Richard Symonds (1617–1660) was an English royalist and antiquary, now remembered for an eye-witness diary he wrote of events of the First English Civil War.

==Life==
He was the eldest son of Edward (or Edmund) Symonds of Black Notley, Essex, where he was born in 1617. His mother, who brought the Notley property into the family, was Anne, daughter of Joshua Draper of Braintree. Like his father and grandfather, as well as several of his uncles and cousins, Symonds became a cursitor of the chancery court.

He was committed a prisoner by Miles Corbet as a delinquent on 25 March 1643, but escaping on 21 October he joined the royalist army, becoming a member of the troop of horse which formed the king's lifeguard, under the command of Lord Bernard Stuart, afterwards Earl of Lichfield. He was with the king’s forces in most of his movements during the ensuing two years, being present at the engagements of Cropredy Bridge, Newbury, Naseby, and at the relief of Chester, where the Earl of Lichfield was killed.
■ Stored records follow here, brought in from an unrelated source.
(** Eigenvectors of A_α(B(d,k)) that are constant on levels correspond to solutions
    f_0, ..., f_(k-1) of a three-term recursion with f_k = 0.  Taking λ as the largest
    root of f_k, the level vector is positive, so λ = ρ by the Collatz–Wielandt bound;
    the same bound applied to the positive test vector sin((j+1)π/(k+1)) / √d^j gives
    the upper estimate.  For the lower estimate, the recursion at level j is weighted
    by sin²((j+1)π/k) / f_j and summed: AM–GM on the off-diagonal terms leaves exactly
    the Chebyshev sums Σ sin² and Σ sin·sin, and the only loss is the missing degree at
    the root, of size α sin²(π/k) ≤ απ²/k². *)
From Stdlib Require Import Reals List Arith Lra Lia Classical.
Import ListNotations.
Open Scope R_scope.

Section ListSums.
Context {T : Type}.
Implicit Types (l : list T) (f g : T -> R).

Lemma sumL_nil f : sumL [] f = 0.
Proof. reflexivity. Qed.

Lemma sumL_cons a l f : sumL (a :: l) f = f a + sumL l f.
Proof. reflexivity. Qed.

Lemma sumL_app l1 l2 f : sumL (l1 ++ l2) f = sumL l1 f + sumL l2 f.
Proof.
  induction l1 as [|a l1 IH]; simpl app; rewrite ?sumL_nil, ?sumL_cons, ?IH; ring.
Qed.

Lemma sumL_ext l f g : (forall x, In x l -> f x = g x) -> sumL l f = sumL l g.
Proof.
  induction l as [|a l IH]; intros H; rewrite ?sumL_nil, ?sumL_cons; [reflexivity|].
  rewrite H, IH; auto with datatypes.
Qed.

Lemma sumL_plus l f g : sumL l (fun x => f x + g x) = sumL l f + sumL l g.
Proof. induction l as [|a l IH]; rewrite ?sumL_nil, ?sumL_cons, ?IH; ring. Qed.

Lemma sumL_scal l f c : sumL l (fun x => c * f x) = c * sumL l f.
Proof. induction l as [|a l IH]; rewrite ?sumL_nil, ?sumL_cons, ?IH; ring. Qed.

Lemma sumL_mult_r l f c : sumL l (fun x => f x * c) = sumL l f * c.
Proof. induction l as [|a l IH]; rewrite ?sumL_nil, ?sumL_cons, ?IH; ring. Qed.

Lemma sumL_const l c : sumL l (fun _ => c) = INR (length l) * c.
Proof.
  induction l as [|a l IH]; rewrite ?sumL_nil, ?sumL_cons, ?IH; simpl length;
    rewrite ?S_INR; simpl INR; ring.
Qed.

Lemma sumL_zero l f : (forall x, In x l -> f x = 0) -> sumL l f = 0.
Proof.
  intros H. rewrite (sumL_ext l f (fun _ => 0)), sumL_const by exact H. ring.
Qed.

Lemma sumL_le l f g : (forall x, In x l -> f x <= g x) -> sumL l f <= sumL l g.
Proof.
  induction l as [|a l IH]; intros H; rewrite ?sumL_nil, ?sumL_cons; [lra|].
  apply Rplus_le_compat; auto with datatypes.
Qed.

Lemma sumL_lt l f g a : In a l -> f a < g a ->
  (forall x, In x l -> f x <= g x) -> sumL l f < sumL l g.
Proof.
  induction l as [|b l IH]; intros Ha Hlt H; [contradiction|].
  rewrite !sumL_cons. destruct Ha as [<-|Ha].
  - apply Rplus_lt_le_compat; [exact Hlt|]. apply sumL_le; auto with datatypes.
  - apply Rplus_le_lt_compat; auto with datatypes.
Qed.

Lemma sumL_nonneg l f : (forall x, In x l -> 0 <= f x) -> 0 <= sumL l f.
Proof. intros H. rewrite <- (sumL_zero l (fun _ => 0)) by auto. apply sumL_le, H. Qed.

Lemma sumL_abs l f : Rabs (sumL l f) <= sumL l (fun x => Rabs (f x)).
Proof.
  induction l as [|a l IH]; rewrite ?sumL_nil, ?sumL_cons; [rewrite Rabs_R0; lra|].
  eapply Rle_trans; [apply Rabs_triang | lra].
Qed.

Lemma sumL_map {U : Type} (h : U -> T) (l : list U) f :
  sumL (map h l) f = sumL l (fun x => f (h x)).
Proof.
  induction l as [|a l IH]; [reflexivity|]. simpl map. rewrite sumL_cons, IH. reflexivity.
Qed.

Lemma exists_argmax l f : l <> [] -> exists m, In m l /\ forall v, In v l -> f v <= f m.
Proof.
  induction l as [|a l IH]; intros Hl; [congruence|]. destruct l as [|b l'].
  - exists a. split; [left; reflexivity|]. intros v [<-|[]]; lra.
  - destruct (IH ltac:(discriminate)) as [m [Hm Hmax]].
    destruct (Rle_dec (f a) (f m)).
    + exists m. split; [right; exact Hm|]. intros v [<-|Hv]; auto.
    + exists a. split; [left; reflexivity|]. intros v [<-|Hv]; [lra|].
      specialize (Hmax v Hv); lra.
Qed.

Variable eqT : forall x y : T, {x = y} + {x <> y}.

Lemma sumL_indicator l a c : NoDup l -> In a l ->
  sumL l (fun x => if eqT x a then c else 0) = c.
Proof.
  induction l as [|b l IH]; intros Hn Ha; [contradiction|].
  inversion Hn as [|? ? Hb Hn']; subst. rewrite sumL_cons.
  destruct (eqT b a) as [->|Hne].
  - rewrite sumL_zero; [ring|]. intros x Hx. destruct (eqT x a) as [->|]; easy.
  - destruct Ha as [->|Ha]; [congruence|]. rewrite IH; auto. ring.
Qed.

Lemma sumL_indicator_mul l a G : NoDup l -> In a l ->
  sumL l (fun v => (if eqT v a then 1 else 0) * G v) = G a.
Proof.
  intros Hn Ha. rewrite <- (sumL_indicator l a (G a)) by assumption.
  apply sumL_ext. intros v _. destruct (eqT v a) as [->|]; ring.
Qed.

Lemma sumL_indicator_mul_notin l a G : ~ In a l ->
  sumL l (fun v => (if eqT v a then 1 else 0) * G v) = 0.
Proof.
  intros Ha. apply sumL_zero. intros v Hv. destruct (eqT v a) as [->|]; [contradiction|ring].
Qed.

End ListSums.

Lemma sumL_swap {T U : Type} (l : list T) (m : list U) (F : T -> U -> R) :
  sumL l (fun a => sumL m (fun b => F a b)) = sumL m (fun b => sumL l (fun a => F a b)).
Proof.
  induction l as [|a l IH].
  - rewrite sumL_nil, sumL_zero; reflexivity.
  - rewrite sumL_cons, IH, <- sumL_plus. reflexivity.
Qed.

Lemma sumL_seq_last n (F : nat -> R) :
  sumL (seq 0 (S n)) F = sumL (seq 0 n) F + F n.
Proof. rewrite seq_S, sumL_app, sumL_cons, sumL_nil, Nat.add_0_l. ring. Qed.

Lemma sumL_seq_first n (F : nat -> R) :
  sumL (seq 0 (S n)) F = F 0%nat + sumL (seq 0 n) (fun j => F (S j)).
Proof. simpl seq. rewrite sumL_cons, <- seq_shift, sumL_map. reflexivity. Qed.

Section CollatzWielandt.
Context {T : Type} (V : list T) (M : T -> T -> R).
Hypothesis M_nonneg : forall u v, In u V -> In v V -> 0 <= M u v.

(* Compare an eigenvector y with z at a vertex m maximising |y| / z. *)
Lemma eigenvalue_le_of_subinvariant (z : T -> R) (C l : R) :
  (forall u, In u V -> 0 < z u) ->
  (forall u, In u V -> sumL V (fun v => M u v * z v) <= C * z u) ->
  is_eigenvalue V M l -> l <= C.
Proof.
  intros Hz HC [y [[u0 [Hu0 Hy0]] Heig]].
  destruct (exists_argmax V (fun v => Rabs (y v) / z v)) as [m [Hm Hmax]];
    [intros ->; contradiction|].
  set (t := Rabs (y m) / z m) in *.
  assert (Hzm := Hz m Hm).
  assert (Ht : 0 < t).
  { apply Rlt_le_trans with (Rabs (y u0) / z u0); [|apply Hmax; exact Hu0].
    apply Rdiv_lt_0_compat; [apply Rabs_pos_lt; exact Hy0 | apply Hz; exact Hu0]. }
  assert (Hdom : forall v, In v V -> Rabs (y v) <= t * z v).
  { intros v Hv. specialize (Hmax v Hv). specialize (Hz v Hv).
    apply (Rmult_le_compat_r (z v)) in Hmax; [|lra].
    replace (Rabs (y v) / z v * z v) with (Rabs (y v)) in Hmax by (field; lra). lra. }
  assert (Hym : Rabs (y m) = t * z m) by (unfold t; field; lra).
  assert (Hl : Rabs l * Rabs (y m) <= t * (C * z m)).
  { rewrite <- Rabs_mult, <- Heig by exact Hm.
    eapply Rle_trans; [apply sumL_abs|].
    apply Rle_trans with (sumL V (fun v => t * (M m v * z v))).
    - apply sumL_le. intros v Hv.
      rewrite Rabs_mult, Rabs_pos_eq by (apply M_nonneg; assumption).
      specialize (Hdom v Hv). specialize (M_nonneg m v Hm Hv). nra.
    - rewrite sumL_scal. apply Rmult_le_compat_l; [lra|]. apply HC, Hm. }
  rewrite Hym in Hl. pose proof (Rle_abs l).
  assert (0 < t * z m) by (apply Rmult_lt_0_compat; assumption). nra.
Qed.
Section BinaryCoproducts.

Definition pair_hom (i j : bool) : Set :=
  match i, j with true, true | false, false => unit | _, _ => Empty_set end.

Lemma pair_hom_eq (i j : bool) (u v : pair_hom i j) : u = v.
Proof. destruct i, j, u, v; reflexivity. Qed.

Definition pair_id (i : bool) : pair_hom i i :=
  match i return pair_hom i i with true => tt | false => tt end.

Definition pair_comp (i j k : bool) (v : pair_hom j k) (u : pair_hom i j) : pair_hom i k.
Proof. destruct i, j, k; simpl in *; solve [exact tt | destruct u | destruct v]. Defined.

Definition pair_category : SmallCategory :=
  {| sob := bool; shom := pair_hom; sidm := pair_id; scomp := pair_comp;
     scomp_idl := fun _ _ _ => pair_hom_eq _ _ _ _;
     scomp_idr := fun _ _ _ => pair_hom_eq _ _ _ _;
     scomp_assoc := fun _ _ _ _ _ _ _ => pair_hom_eq _ _ _ _ |}.

Context {C : Category}.

Definition pair_map (X1 X2 : C) (i j : bool) (u : pair_hom i j) :
  hom (if i then X1 else X2) (if j then X1 else X2).
Proof. destruct i, j; simpl in u; solve [exact (idm _) | destruct u]. Defined.

Definition pair_diagram (X1 X2 : C) : Diagram pair_category C.
Proof.
  refine {| dobj := fun i : pair_category => if i then X1 else X2;
            dmap := pair_map X1 X2 |}.
  - intros []; reflexivity.
  - intros [] [] [] u v; simpl in u, v; try destruct u; try destruct v;
      symmetry; apply comp_idl.
Defined.

Lemma cocomplete_coproduct (HC : cocomplete C) (X1 X2 : C) :
  exists (P : C) (i1 : hom X1 P) (i2 : hom X2 P), is_coproduct i1 i2.
Proof.
  destruct (HC pair_category (pair_diagram X1 X2)) as [P [c [_ Hc]]].
  exists P, (c true), (c false). intros Y f g.
  set (d := fun i : bool =>
              match i return hom (pair_diagram X1 X2 i) Y with true => f | false => g end).
  assert (Hd : is_cocone (pair_diagram X1 X2) Y d).
  { intros [] [] u; simpl in u; try destruct u; apply comp_idr. }
  destruct (Hc Y d Hd) as [h [Hh Hh_uniq]].
  exists h. split.
  - split; [apply (Hh true) | apply (Hh false)].
  - intros h' [H1 H2]. apply Hh_uniq. intros []; assumption.
Qed.

Lemma is_coproduct_iso {A B P Q : C} (i1 : hom A P) (i2 : hom B P) (h : hom P Q) :
  is_coproduct i1 i2 -> is_iso h -> is_coproduct (h ∘ i1) (h ∘ i2).
Proof.
  intros Hcp [h' [Hh'h Hhh']] X f g.
  destruct (Hcp X f g) as [k [[Hk1 Hk2] Hk_uniq]].
  exists (k ∘ h'). split.
  - split; rewrite <- !comp_assoc, (comp_assoc _ _ _ _ _ _ h h'), Hh'h, comp_idl;
      assumption.
  - intros k' [H1 H2].
    assert (E : k = k' ∘ h)
      by (apply Hk_uniq; split; rewrite <- comp_assoc; assumption).
    rewrite E, <- comp_assoc, Hhh', comp_idr. reflexivity.
Qed.

End BinaryCoproducts.

Lemma tau_coproduct (Rg : TwoRig) (D : Differential Rg) (A B : Rg) :
  is_coproduct (tau1 Rg D A B) (tau2 Rg D A B).
Proof.
  destruct (cocomplete_coproduct (rig_cocomplete Rg)
              (tens (rig_mon Rg) (deriv D A) B) (tens (rig_mon Rg) A (deriv D B)))
    as [P [i1 [i2 Hcp]]].
  destruct (Hcp _ (tau1 Rg D A B) (tau2 Rg D A B)) as [h [[Hh1 Hh2] _]].
  rewrite <- Hh1, <- Hh2.
  exact (is_coproduct_iso i1 i2 h Hcp (leibniz Rg D A B P i1 i2 Hcp h Hh1 Hh2)).
Qed.

Section RightScopic.
Context (Rg : TwoRig) (D : Differential Rg) (K : Closed (rig_mon Rg))
  (Rt : Functor Rg Rg) (adj : Adjunction (deriv D) Rt).

Local Notation "X ⊗ Y" := (tens (rig_mon Rg) X Y) (at level 30).
Local Notation "f ⊗h g" := (tens_hom (rig_mon Rg) f g) (at level 30).

Definition ihom_adjunct {Y A B : Rg} (h : hom Y (ihom K A (Rt B))) :
  hom (deriv D (Y ⊗ A)) B :=
  right_adjunct adj (uncurry K h).

Definition ihom_adjunct_inv {Y A B : Rg} (k : hom (deriv D (Y ⊗ A)) B) :
  hom Y (ihom K A (Rt B)) :=
  curry K (left_adjunct adj k).

Lemma ihom_adjunctK (Y A B : Rg) (h : hom Y (ihom K A (Rt B))) :
  ihom_adjunct_inv (ihom_adjunct h) = h.
Proof.
  unfold ihom_adjunct, ihom_adjunct_inv.
  rewrite left_right_adjunct, curry_uncurry. reflexivity.
Qed.

Lemma ihom_adjunct_invK (Y A B : Rg) (k : hom (deriv D (Y ⊗ A)) B) :
  ihom_adjunct (ihom_adjunct_inv k) = k.
Proof.
  unfold ihom_adjunct, ihom_adjunct_inv.
  rewrite uncurry_curry, right_left_adjunct. reflexivity.
Qed.

Lemma ihom_adjunct_comp (Y Y' A B : Rg) (h : hom Y (ihom K A (Rt B))) (x : hom Y' Y) :
  ihom_adjunct (h ∘ x) = ihom_adjunct h ∘ fmap (deriv D) (x ⊗h idm A).
Proof. unfold ihom_adjunct. rewrite uncurry_comp, right_adjunct_comp. reflexivity. Qed.

Lemma ihom_adjunct_ihom_map (A A' B B' : Rg) (f : hom A' A) (g : hom B B') :
  ihom_adjunct (ihom_map K f (fmap Rt g))
  = g ∘ ihom_adjunct (idm (ihom K A (Rt B)))
      ∘ fmap (deriv D) (idm (ihom K A (Rt B)) ⊗h f).
Proof.
  unfold ihom_adjunct at 1, ihom_map.
  rewrite uncurry_curry, right_adjunct_comp, right_adjunct_postcomp, <- uncurry_idm.
  reflexivity.
Qed.

Definition varsigma1 (A B : Rg) : hom (ihom K A (Rt B)) (ihom K (deriv D A) B) :=
  curry K (ihom_adjunct (idm _) ∘ tau2 Rg D _ A).

Definition varsigma2 (A B : Rg) : hom (ihom K A (Rt B)) (Rt (ihom K A B)) :=
  left_adjunct adj (curry K (ihom_adjunct (idm _) ∘ tau1 Rg D _ A)).

Lemma varsigma1_comp (Y A B : Rg) (h : hom Y (ihom K A (Rt B))) :
  varsigma1 A B ∘ h = curry K (ihom_adjunct h ∘ tau2 Rg D Y A).
Proof.
  pose proof (tau2_nat Rg D _ _ _ _ h (idm A)) as Htau. rewrite fmap_id in Htau.
  unfold varsigma1. rewrite curry_comp, <- comp_assoc, Htau, comp_assoc,
    <- ihom_adjunct_comp, comp_idl.
  reflexivity.
Qed.

Lemma varsigma2_comp (Y A B : Rg) (h : hom Y (ihom K A (Rt B))) :
  varsigma2 A B ∘ h = left_adjunct adj (curry K (ihom_adjunct h ∘ tau1 Rg D Y A)).
Proof.
  pose proof (tau1_nat Rg D _ _ _ _ h (idm A)) as Htau.
  unfold varsigma2. rewrite left_adjunct_comp, curry_comp, <- comp_assoc, Htau,
    comp_assoc, <- ihom_adjunct_comp, comp_idl.
  reflexivity.
Qed.

Lemma varsigma1_natural (A A' B B' : Rg) (f : hom A' A) (g : hom B B') :
  varsigma1 A' B' ∘ ihom_map K f (fmap Rt g)
  = ihom_map K (fmap (deriv D) f) g ∘ varsigma1 A B.
Proof.
  pose proof (tau2_nat Rg D _ _ _ _ (idm (ihom K A (Rt B))) f) as Htau.
  rewrite varsigma1_comp, ihom_map_comp. unfold varsigma1.
  rewrite uncurry_curry, ihom_adjunct_ihom_map, <- !comp_assoc, Htau.
  reflexivity.
Qed.

Lemma varsigma2_natural (A A' B B' : Rg) (f : hom A' A) (g : hom B B') :
  varsigma2 A' B' ∘ ihom_map K f (fmap Rt g)
  = fmap Rt (ihom_map K f g) ∘ varsigma2 A B.
Proof.
  pose proof (tau1_nat Rg D _ _ _ _ (idm (ihom K A (Rt B))) f) as Htau.
  rewrite fmap_id in Htau.
  rewrite varsigma2_comp. unfold varsigma2.
  rewrite left_adjunct_postcomp, ihom_map_comp, uncurry_curry, ihom_adjunct_ihom_map,
    <- !comp_assoc, Htau.
  reflexivity.
Qed.

Lemma varsigma_spec (Y A B : Rg) (f : hom Y (ihom K (deriv D A) B))
    (g : hom Y (Rt (ihom K A B))) (h : hom Y (ihom K A (Rt B))) :
  varsigma1 A B ∘ h = f /\ varsigma2 A B ∘ h = g <->
  ihom_adjunct h ∘ tau1 Rg D Y A = uncurry K (right_adjunct adj g) /\
  ihom_adjunct h ∘ tau2 Rg D Y A = uncurry K f.
Proof.
  rewrite varsigma1_comp, varsigma2_comp.
  split; intros [H1 H2]; split.
  - rewrite <- H2, right_left_adjunct, uncurry_curry. reflexivity.
  - rewrite <- H1, uncurry_curry. reflexivity.
  - rewrite H2, curry_uncurry. reflexivity.
  - rewrite H1, curry_uncurry, left_right_adjunct. reflexivity.
Qed.

Lemma varsigma_is_product (A B : Rg) : is_product (varsigma1 A B) (varsigma2 A B).
Proof.
  intros Y f g.
  destruct (tau_coproduct Rg D Y A B (uncurry K (right_adjunct adj g)) (uncurry K f))
    as [k [Hk Hk_uniq]].
  exists (ihom_adjunct_inv k). split.
  - apply varsigma_spec. rewrite ihom_adjunct_invK. exact Hk.
  - intros h Hh. apply varsigma_spec in Hh.
    rewrite (Hk_uniq _ Hh), ihom_adjunctK. reflexivity.
Qed.

End RightScopic.

Theorem proposition1p15
  (Rg : TwoRig) (D : Differential Rg) (K : Closed (rig_mon Rg))
  (Rt : Functor Rg Rg) (adj : Adjunction (deriv D) Rt) :
  exists (P : Rg -> Rg -> Rg)
         (p1 : forall A B : Rg, hom (P A B) (ihom K (deriv D A) B))
         (p2 : forall A B : Rg, hom (P A B) (Rt (ihom K A B)))
         (sigma : forall A B : Rg, hom (ihom K A (Rt B)) (P A B)),
    (forall A B : Rg, is_product (p1 A B) (p2 A B)) /\
    (forall A B : Rg, is_iso (sigma A B)) /\
    (forall (A A' B B' : Rg) (f : hom A' A) (g : hom B B'),
       p1 A' B' ∘ sigma A' B' ∘ ihom_map K f (fmap Rt g)
       = ihom_map K (fmap (deriv D) f) g ∘ p1 A B ∘ sigma A B) /\
    (forall (A A' B B' : Rg) (f : hom A' A) (g : hom B B'),
       p2 A' B' ∘ sigma A' B' ∘ ihom_map K f (fmap Rt g)
       = fmap Rt (ihom_map K f g) ∘ p2 A B ∘ sigma A B).
Proof.
  exists (fun A B => ihom K A (Rt B)), (varsigma1 Rg D K Rt adj),
    (varsigma2 Rg D K Rt adj), (fun A B => idm (ihom K A (Rt B))).
  split; [|split; [|split]]; intros.
  - apply varsigma_is_product.
  - exists (idm _). split; apply comp_idl.
  - rewrite !comp_idr. apply varsigma1_natural.
  - rewrite !comp_idr. apply varsigma2_natural.
Qed.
He was subsequently with Sir William Vaughan at Denbigh and elsewhere. After the king's surrender, in the autumn of 1646, he applied on 17 December to be allowed to compound for his delinquency, On 1 January 1648 he left London and travelled, first to Paris, and then to Rome and Venice, where he stayed till about the end of 1652, when he returned again to England. In 1655 he was implicated in the abortive plot for restoring the monarchy, and was one of a batch of over seventy persons who were on that account arrested in the eastern counties, but were subsequently released on bond in October.

==Works==
From an early age Symonds evinced strong antiquarian tastes, and in all his wanderings he seems never to have lost an opportunity for jotting down in his notebook such topographical or genealogical memoranda as he came across. So he kept a diary of the marchings of the royal army from 10 April 1644 to 11 February 1646 (four notebooks now held in the British Library). These were frequently quoted by county historians, and in 1859 were edited for the Camden Society by Charles Edward Long, under the title Diary of the Marches of the Royal Army during the Great Civil War. Much of the interest of the diary lies in its topographical content, including detailed notes of churches, church monuments, stained glass and heraldry that Symonds had viewed. Most of his entries about the war are accurate but terse. However, his description of the second battle of Newbury is very detailed.

Three volumes of genealogical collections for the county of Essex, compiled by Symonds, were preserved at the College of Arms, to which they were presented in 1710 by Gregory King, into whose possession they had come in 1685. In the second volume Symonds gives the pedigree of his own family, and near his own name is an impression, in red wax, of an engraved head in profile, probably that of Symonds himself, by Thomas Simon, the medallist. These collections were used by Philip Morant in his History of Essex. Other notes were used by Horace Walpole in his Anecdotes of Painting in England.